Other RISC-V laptops already are cheaper and with higher performance than this would be with Framework's shell+screen+battery, so I'm not sure what need this fills. If you intend to use the board in an alternate case without laptop parts you might as well buy an SBC instead.

[-] zarenki@lemmy.ml 4 points 1 year ago

I tried to do this a while ago with a GNOME system, setting GDM to automatically log me in, but I ended up always getting prompted for my password from gnome-keyring shortly after logging in which seemed to defeat the point. If you use GNOME, you might want to look at ArchWiki's gnome-keyring page which describes a couple solutions to this problem (under the PAM section) which should be applicable on any systemd distro.

[-] zarenki@lemmy.ml 4 points 1 year ago

as soon as the BIOS loaded and showed the time, it was "wrong" because it was in UTC

Because you don't use Windows. Windows by default stores local time, not UTC, to the RTC. This behavior can be overriden with a registry tweak. Some Linux distro installer disks (at least Ubuntu and Fedora, maybe others) will try to detect if your system has an existing Windows install and mimicks this behavior if one exists (equivalent to timedatectl set-local-rtc 1) and otherwise defaults to storing UTC, which is the more sane choice.

Storing localtime on a computer that has more than one bootable OS becomes a particularly noticable problem in regions that observe DST, because each OS will try to change the RTC by one hour on its first boot after the time change.

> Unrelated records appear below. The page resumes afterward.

(* Let $\mathcal{C}$ be a deflation-exact category and $\mathcal{A}$ an admissibly deflation-percolating subcategory. Let $f\colon X\to Y$ be an admissible morphism whose kernel and cokernel lie in $\mathcal{A}$, and let $g\colon X\to A$ be any morphism with $A\in\mathcal{A}$. Then the pushout of $f$ along $g$ exists, and the induced morphism $A\to P$ (where $P$ is the pushout) is admissible with kernel and cokernel in $\mathcal{A}$.
   Context: A conflation category is an additive category with a class of kernel-cokernel pairs (closed under isomorphisms) called conflations; first map an inflation, second a deflation. A deflation-exact category is a conflation category satisfying: (R0) $1_0$ is a deflation; (R1) composites of deflations are deflations; (R2) pullbacks of deflations along arbitrary morphisms exist and are deflations. A morphism is admissible if it factors as a deflation followed by an inflation. A non-empty full subcategory $\mathcal{A}$ is admissibly deflation-percolating if: (A1) for every conflation $A'\rightarrowtail A\twoheadrightarrow A''$, $A\in\mathcal{A}$ iff $A',A''\in\mathcal{A}$; (A2) every morphism $C\to A$ with $A\in\mathcal{A}$ factors as a deflation $C\twoheadrightarrow A'$ followed by an inflation $A'\rightarrowtail A$ with $A'\in\mathcal{A}$; (A3) if $a\colon C\rightarrowtail D$ is an inflation and $b\colon C\twoheadrightarrow A$ a deflation with $A\in\mathcal{A}$, the pushout of $a$ along $b$ exists and yields a deflation $D\twoheadrightarrow P$ and an inflation $A\rightarrowtail P$. *)

From HB Require Import structures.
From mathcomp Require Import all_boot all_algebra.
Set Implicit Arguments. Unset Strict Implicit. Unset Printing Implicit Defensive.
Import GRing.Theory.
Local Open Scope ring_scope.

Record AddCat := {
  ob :> Type;
  mor : ob -> ob -> zmodType;
  idm : forall X, mor X X;
  mcomp : forall X Y Z, mor Y Z -> mor X Y -> mor X Z;   (* mcomp g f = g o f *)
  compA : forall X Y Z W (h : mor Z W) (g : mor Y Z) (f : mor X Y),
      mcomp h (mcomp g f) = mcomp (mcomp h g) f;
  comp1m : forall X Y (f : mor X Y), mcomp (idm Y) f = f;
  compm1 : forall X Y (f : mor X Y), mcomp f (idm X) = f;
  compDl : forall X Y Z (g1 g2 : mor Y Z) (f : mor X Y),
      mcomp (g1 + g2) f = mcomp g1 f + mcomp g2 f;
  compDr : forall X Y Z (g : mor Y Z) (f1 f2 : mor X Y),
      mcomp g (f1 + f2) = mcomp g f1 + mcomp g f2;
  zero_obj_ex : exists Z : ob, idm Z = 0;
  biprod_ex : forall X Y : ob, exists (W : ob) (i1 : mor X W) (i2 : mor Y W)
      (p1 : mor W X) (p2 : mor W Y),
      [/\ mcomp p1 i1 = idm X, mcomp p2 i2 = idm Y &
          mcomp i1 p1 + mcomp i2 p2 = idm W]
}.
Arguments mor {C} : rename.
Arguments idm {C} : rename.
Arguments mcomp {C X Y Z} : rename.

[-] zarenki@lemmy.ml 3 points 1 year ago

Something I've noticed that is somewhat related but tangential to your problem: The result I've always gotten from using compose files is that container names and volume names get assigned names that contain a shared prefix by default. I don't use docker and instead prefer podman but I would expect both to behave the same on this front. For example, when I have a file at nextcloud/compose.yml that looks like this:

volumes:
  nextcloud:
  db:

services:
  db:
    image: docker.io/mariadb:10.6
    ...
  app:
    image: docker.io/nextcloud
    ...

I end up with volumes named nextcloud_nextcloud and nextcloud_db, with containers named nextcloud_db and nextcloud_app, as long as neither of those services overrides this behavior by specifying a container_name. I believe this prefix probably comes from the file-level name: if there is one and the parent directory's name otherwise.

The reasons I adjust my own compose files to be different from the image maintainer's recommendation include: to accommodate the differences between podman and docker, avoiding conflicts between the exported listen ports, any host filesystem paths I want to mount in the container, and my own preferences. The only conflict I've had with other containers there is the exported port. zigbee2mqtt, nextcloud, and freshrss all suggest using port 8080 so I had to change at least two of them in order to run all three.

[-] zarenki@lemmy.ml 4 points 1 year ago

I recommend giving dnf the -C flag to most operations, particularly those that don't involve downloading packages. The default behavior is often similar to pacman's -y flag and so the metadata sync ends up slowing everything down by orders of magnitude.

[-] zarenki@lemmy.ml 4 points 1 year ago

The main reason people use Fandom in the first place is the free hosting. Whether you use MediaWiki or any other wiki software, paying for the server resources to host your own instance and taking the time to manage it is still a tall hurdle for many communities. There already are plenty of MediaWiki instances for specific interests that aren't affected by Fandom's problems.

Even so, federation tends to foster a culture of more self-hosting and less centralization, encouraging more people who have the means to host to do so, though I'm not sure how applicable that effect would be to wikis.

[-] zarenki@lemmy.ml 5 points 1 year ago

I never liked to play DS games on 3DS because of the blurry screen: DS games run at a 256x192 resolution while the 3DS screens stretch that out to 320x240. Non integer factor scaling at such low resolutions is incredibly noticeable.

DSi (and XL) similarly can be softmodded with nothing but an SD card, though using a DS Lite instead with a flashcart can enable GBA-Slot features in certain DS games including Pokemon.